From this it is evident that when six horses were used a postillion rode one of the leaders and controlled them; while the driver managed the wheelers and middle pair. When four horses were driven it was the custom to have two outriders, one to ride at the leaders’ heads and one at the wheelers’; in town this would be merely display, but on a journey the outrider’s horses might replace those of the team in case of accident, or more frequently, be added to the team to help drag the coach over a stretch of bad road.
COACH AND CART RACING.
John Evelyn in his Diary refers to a coach race which took place in the Park on May 20, 1658, but gives no particulars. Mr. Jacob Larwood observes that at this period and for a century later coach-racing was a national sport; some considerable research through the literature of these times, however, has thrown no light upon this sport, and while we need not doubt that coaches when they chanced to meet on suitable ground did make trials of speed, it is open to question whether the practice was ever developed into a sport. It may be that Mr. Larwood had in mind the curious cart-team races described by Marshall in his Rural Economy of Norfolk, published in 1795.
This writer tells us that before Queen Anne’s reign the farmers of Norfolk used an active breed of horses which could not only trot but gallop. He describes as an eyewitness the races which survived to his day; the teams consisted of five horses, which were harnessed to an empty waggon:—
“A team following another broke into a gallop, and unmindful of the ruts, hollow cavities and rugged ways, contended strenuously for the lead, while the foremost team strove as eagerly to keep it. Both were going at full gallop, as fast indeed as horses in harness could go for a considerable distance, the drivers standing upright in their respective waggons.”

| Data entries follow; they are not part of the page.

Lemma Rintegrable_sum I (s : seq I) (F : I -> T -> R) :
  (forall i, Rintegrable (F i)) -> Rintegrable (fun t => \sum_(i <- s) F i t).
Proof.
move=> IF; have := integrable_sum measurableT s (P := xpredT) (fun i _ => IF i).
by move/Rintegrable_eq; apply => t; rewrite sumEFin.
Qed.

Lemma Rintegral_sum I (s : seq I) (F : I -> T -> R) :
  (forall i, Rintegrable (F i)) ->
  \int[mu]_(t in setT) \sum_(i <- s) F i t =
  \sum_(i <- s) \int[mu]_(t in setT) F i t.
Proof.
move=> IF; elim: s => [|i s IHs].
  under eq_Rintegral => t _ do rewrite big_nil.
  by rewrite Rintegral_cst // mul0r big_nil.
under eq_Rintegral => t _ do rewrite big_cons.
by rewrite RintegralD // ?IHs ?big_cons //; exact: Rintegrable_sum.
Qed.

Variable d : nat.
Implicit Types F G : T -> 'M[R]_d.

Definition Rintegral_mx F : 'M[R]_d :=
  \matrix_(i, j) \int[mu]_(t in setT) F t i j.

Definition Rintegrable_mx F := forall i j, Rintegrable (fun t => F t i j).

Lemma Rintegrable_mxZ c F :
  Rintegrable_mx F -> Rintegrable_mx (fun t => c *: F t).
Proof.
move=> IF i j; apply: (Rintegrable_eq (Rintegrable_scale c (IF i j))).
by move=> t; rewrite /= mxE.
Qed.

Lemma Rintegral_mxZ c F : Rintegrable_mx F ->
  c *: Rintegral_mx F = Rintegral_mx (fun t => c *: F t).
Proof.
move=> IF; apply/matrixP => i j; rewrite !mxE -RintegralZl //.
by apply: eq_Rintegral => t _; rewrite mxE.
Qed.

Lemma Rintegral_mxB F G : Rintegrable_mx F -> Rintegrable_mx G ->
  Rintegral_mx F - Rintegral_mx G = Rintegral_mx (fun t => F t - G t).
Proof.
move=> IF IG; apply/matrixP => i j; rewrite !mxE -RintegralB //.
by apply: eq_Rintegral => t _; rewrite !mxE.
Qed.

REGULATIONS FOR HACKNEY CARRIAGES.
The Act of 1662 has already been referred to in connection with the number of hackney coaches in London; we may glance at it again, as it gives a few interesting particulars. No license was to be granted to any person following another trade or occupation, and nobody might take out more than two licenses. Preference was to be given to “ancient coachmen” (by which expression we shall doubtless be right in understanding, not aged men but men who had followed the calling in previous years), and to such men as had suffered for their service to Charles I. or Charles II.

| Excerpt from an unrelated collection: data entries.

Lemma rootC_Re_gt n z : (1 < n)%N -> `|z| = 1 -> 0 <= 'Im z -> z != 1 ->
  'Re z < 'Re (n.-root z).
Proof.
move=> n_gt1 nz Iz z1; have n_gt0 := ltnW n_gt1.
rewrite real_ltNge ?Creal_Re //; apply/negP => Re_root_le.
have [rs Drs] := closed_field_poly_normal ('X^n - z%:P : {poly C}).
rewrite (monicP (monicXnsubC z n_gt0)) scale1r in Drs.
have size_rs : size rs = n.
  by apply: succn_inj; rewrite -(size_prod_XsubC rs id) -Drs size_XnsubC.
have rootX y : y \in rs -> y ^+ n = z.
  move=> yrs; have : root ('X^n - z%:P) y by rewrite Drs root_prod_XsubC.
  by rewrite rootE !hornerE subr_eq0 => /eqP.
have norm_rs y : y \in rs -> `|y| = 1.
  by move=> /rootX yz; apply/eqP; rewrite -(pexpr_eq1 n_gt0) // -normrX yz nz.
have rs_neq1 y : y \in rs -> y != 1.
  by move=> /rootX yz; apply: contra_neq z1 => y1; rewrite -yz y1 expr1n.
pose tau y := 'Im ((1 - y)^-1).
have tau_le y : y \in rs -> tau y <= tau z.
  move=> yrs; have [Iy|Iy] := real_ge0P (Creal_Im y).
    have Re_yz := le_trans (rootC_Re_max n_gt0 (rootX y yrs) Iy) Re_root_le.
    exact: Im_inv_1B_le (norm_rs y yrs) nz (rs_neq1 y yrs) z1 Iy Iz Re_yz.
  apply: (@le_trans _ _ 0); rewrite /tau !Im_inv_1B ?divr_ge0 ?exprn_ge0 //.
  by rewrite pmulr_lle0 ?ltW // invr_gt0 exprn_gt0 // normr_gt0 subr_eq0 eq_sym rs_neq1.
(* tau averages to tau z over the roots, so tau y = tau z for each root y;
   as Re (1 / (1 - y)) = 1/2 on the unit circle, this forces y = z. *)
have sum_tau : \sum_(y <- rs) (tau z - tau y) = 0.
  rewrite sumrB big_const_seq count_predT size_rs iter_addr_0 -raddf_sum.
  by rewrite (sum_inv_1B_roots n z rs z1 Drs) mulr_natl raddfMn subrr.
have rs_eqz y : y \in rs -> y = z.
  move=> yrs; have : tau y = tau z.
    apply/eqP; rewrite eq_sym -subr_eq0; move/eqP: sum_tau.
    rewrite big_seq psumr_eq0 => [/allP/(_ y yrs)|u urs]; last first.
      by rewrite subr_ge0 tau_le.
    by rewrite yrs.
  move=> tau_yz; apply/oppr_inj/(addrI 1)/invr_inj.
  rewrite [LHS]Crect [RHS]Crect (Re_inv_1B y (norm_rs y yrs) (rs_neq1 y yrs)).
  by rewrite (Re_inv_1B z nz z1); congr (_ + 'i * _).
have := sum_roots_XnsubC n z rs n_gt1 Drs; rewrite (eq_big_seq (fun=> z)) //.
rewrite big_const_seq count_predT size_rs iter_addr_0 => /eqP.
by rewrite mulrn_eq0 -normr_eq0 nz oner_eq0 orbF gtn_eqF.
Qed.

Lemma omega_prim_root N : (1 < N)%N -> N.-primitive_root (omega C N).
Proof.
move=> N_gt1; have N_gt0 := ltnW N_gt1.
set r := N.-root (-1 : C).
have rN : r ^+ N = -1 by rewrite /r rootCK.
have N1_neq1 : (-1 : C) != 1 by rewrite lt_eqF // (lt_trans (ltrN10 C) ltr01).
have omegaN : omega C N ^+ N = 1 by rewrite /omega -/r exprAC rN sqrrN expr1n.
case: (prim_order_exists N_gt0 omegaN) => d prim_d /dvdnP[q Nqd].
suff q1 : q = 1%N by rewrite {1}Nqd q1 mul1n.
have rd : r ^+ d = -1.
  have : (r ^+ d) ^+ 2 == 1 by rewrite exprAC (prim_expr_order prim_d).
  rewrite sqrf_eq1 => /orP[/eqP rd1 | /eqP //].
  by move: rN; rewrite Nqd mulnC exprM rd1 expr1n => /esym/eqP; rewrite (negbTE N1_neq1).
have [q_le1|q_gt1] := leqP q 1.
  by apply/eqP; rewrite eqn_leq q_le1 lt0n; apply: contraTneq N_gt0 => q0; rewrite Nqd q0.
have Re_lt := rootC_Re_gt q r q_gt1.
have nr : `|r| = 1.
  by apply/eqP; rewrite -(pexpr_eq1 N_gt0) // -normrX rN normrN normr1.
have r1 : r != 1 by apply: contra_neq N1_neq1 => r1; rewrite -rN r1 expr1n.
(* q.-root r is an N-th root of -1 in the upper half plane with larger real
   part than r, against the extremal choice of r = N.-root (-1). *)
have yN : (q.-root r) ^+ N = -1 by rewrite Nqd exprM rootCK ?rd // ltnW.
have := rootC_Re_max N_gt0 yN (Im_rootC_ge0 r q_gt1).
by move/(lt_le_trans (Re_lt nr (Im_rootC_ge0 _ N_gt1) r1)); rewrite ltxx.
Qed.

End UnitCircle.

Section DIHPFourier.
Variables (C : numClosedFieldType) (V E : finType) (k n K N : nat).
Variables (ev : E -> k.-tuple V) (mu : E -> {ffun 'I_k -> 'Z_N} -> C).
Variable z : E -> 'I_K -> {ffun 'I_k -> 'I_n} -> option {ffun 'I_k -> 'Z_N}.
Hypotheses (N_gt1 : (1 < N)%N) (ev_uniq : forall e, uniq (ev e)).
Hypotheses (mu_dist : dist_labeled mu) (z_acyclic : ~~ cyclic ev z).

Local Notation Occ := (Occ E k n K).
Local Notation vertex := (V * 'I_n)%type.
Local Notation assignment := {ffun vertex -> 'Z_N}.
Local Notation label := {ffun 'I_k -> 'Z_N}.
Local Notation hedge o := (hedge ev o.1.1 o.2).
Implicit Types (o : Occ) (b x : assignment) (y : label) (v w : vertex).

Definition occ_factor (o : Occ) (x : assignment) : C :=
  match z o.1.1 o.1.2 o.2 with
  | Some a => (N ^ k)%:R * mu o.1.1 [ffun i => x (hedge o i) - a i]
  | None => 1
  end.

Definition supp_occ : {set Occ} := [set o | insupp z o].

Lemma gzeta_prod x : gzeta ev z mu x = \prod_(o in supp_occ) occ_factor o x.
Proof.
rewrite big_mkcond; apply: eq_bigr => o _; rewrite inE /insupp /occ_factor.
by case: (z _ _ _).
Qed.

Lemma occ_factor_local o x x' :
  {in overts ev o, x =1 x'} -> occ_factor o x = occ_factor o x'.
Proof.
move=> xx'; rewrite /occ_factor; case: (z _ _ _) => // a.
by congr (_ * mu _ _); apply/ffunP => i; rewrite !ffunE xx' ?imset_f.
Qed.

Lemma hedge_inj o : injective (hedge o).
Proof. by move=> i j [/(tuple_uniqP _ (ev_uniq o.1.1))]. Qed.

Lemma card_overts o : #|overts ev o| = k.
Proof. by rewrite card_imset ?card_ord //; exact: hedge_inj. Qed.

Lemma exists_leaf_occ (F : {set Occ}) (W : {set vertex}) :
  F \subset supp_occ -> F != set0 -> (#|W| <= 1)%N ->
  exists2 o, o \in F & exists i0 : 'I_k, forall i, i != i0 ->
    hedge o i \notin (\bigcup_(o' in F :\ o) overts ev o') :|: W.
Proof.
move=> F_supp F0 W1.
have U_gt : (#|F| * k.-1 < #|\bigcup_(o in F) overts ev o|)%N.
  move: z_acyclic; rewrite negb_or => /andP[_ /existsPn/(_ F)].
  by rewrite F0 F_supp /= -ltnNge.
have [o oF B1] := @exists_low_degree_edge _ _ _ _ card_overts _ _ F0 W1 U_gt.
exists o => //.
set B := [set v in overts ev o | _] in B1.
have inB i : hedge o i \in (\bigcup_(o' in F :\ o) overts ev o') :|: W ->
    hedge o i \in B.
  rewrite !inE imset_f //= => /orP[/bigcupP[o' o'F vo'] | ->]; last by rewrite orbT.
  apply/orP; left; rewrite /deg (bigD1 o) //= imset_f // add1n ltnS lt0n.
  move: o'F; rewrite !inE => /andP[o'o o'F].
  by rewrite sum_nat_eq0 negb_forall; apply/existsP; exists o'; rewrite o'o o'F vo'.
case: (pickP (fun i => hedge o i \in B)) => [i0 i0B | noB].
  exists i0 => i; apply: contra_neqN => /inB iB.
  by apply: (hedge_inj o); move/card_le1_eqP: B1; apply.
have k_gt0 : (0 < k)%N.
  have /card_gt0P[v /bigcupP[o' _ /imsetP[i _ _]]] := leq_ltn_trans (leq0n _) U_gt.
  exact: leq_ltn_trans (leq0n i) (ltn_ord i).
by exists (Ordinal k_gt0) => i _; apply: contraFN (noB i) => /inB.
Qed.

Definition occ_embed o y : assignment :=
  [ffun v => if [pick i | hedge o i == v] is Some i then y i else 0].

Lemma occ_embed_hedge o y i : occ_embed o y (hedge o i) = y i.
Proof.
rewrite ffunE; case: pickP => [j /eqP /hedge_inj -> // | /(_ i)].
by rewrite eqxx.
Qed.

Lemma occ_embed_out o y i0 v : y i0 = 0 ->
  (forall i, i != i0 -> hedge o i != v) -> occ_embed o y v = 0.
Proof.
move=> y0 hv; rewrite ffunE; case: pickP => // j /eqP hj.
by case: (eqVneq j i0) => [-> // | /hv]; rewrite hj eqxx.
Qed.

Lemma card_ZN : #|{: 'Z_N}| = N.
Proof. by rewrite card_ord Zp_cast. Qed.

Horses used in hackney coaches were to be not less than fourteen hands high. The fares were duly prescribed by time and distance; for a day of twelve hours the coachman was to be paid not over 10s.; or 1s. 6d. for the first and 1s. for every subsequent hour. “No gentleman or other person” was to pay over 1s. for hire of a hackney coach “from any of the Inns of Court or thereabouts to any part of St. James’ or the city of Westminster (except beyond Tuttle Street)”; and going eastwards the shilling fare would carry the hirer from the Inns of Court to the Royal Exchange; eighteenpence was the fare to the Tower, to Bishopsgate Street or Aldgate. This Act forbade any hackney coach to ply for hire on Sunday; thus the hackney carriage was placed in the same category as the Thames wherries and barges. The restrictions concerning the persons to whom licenses might be granted obviously afforded the Commissioners opportunity for the malpractices we have already mentioned.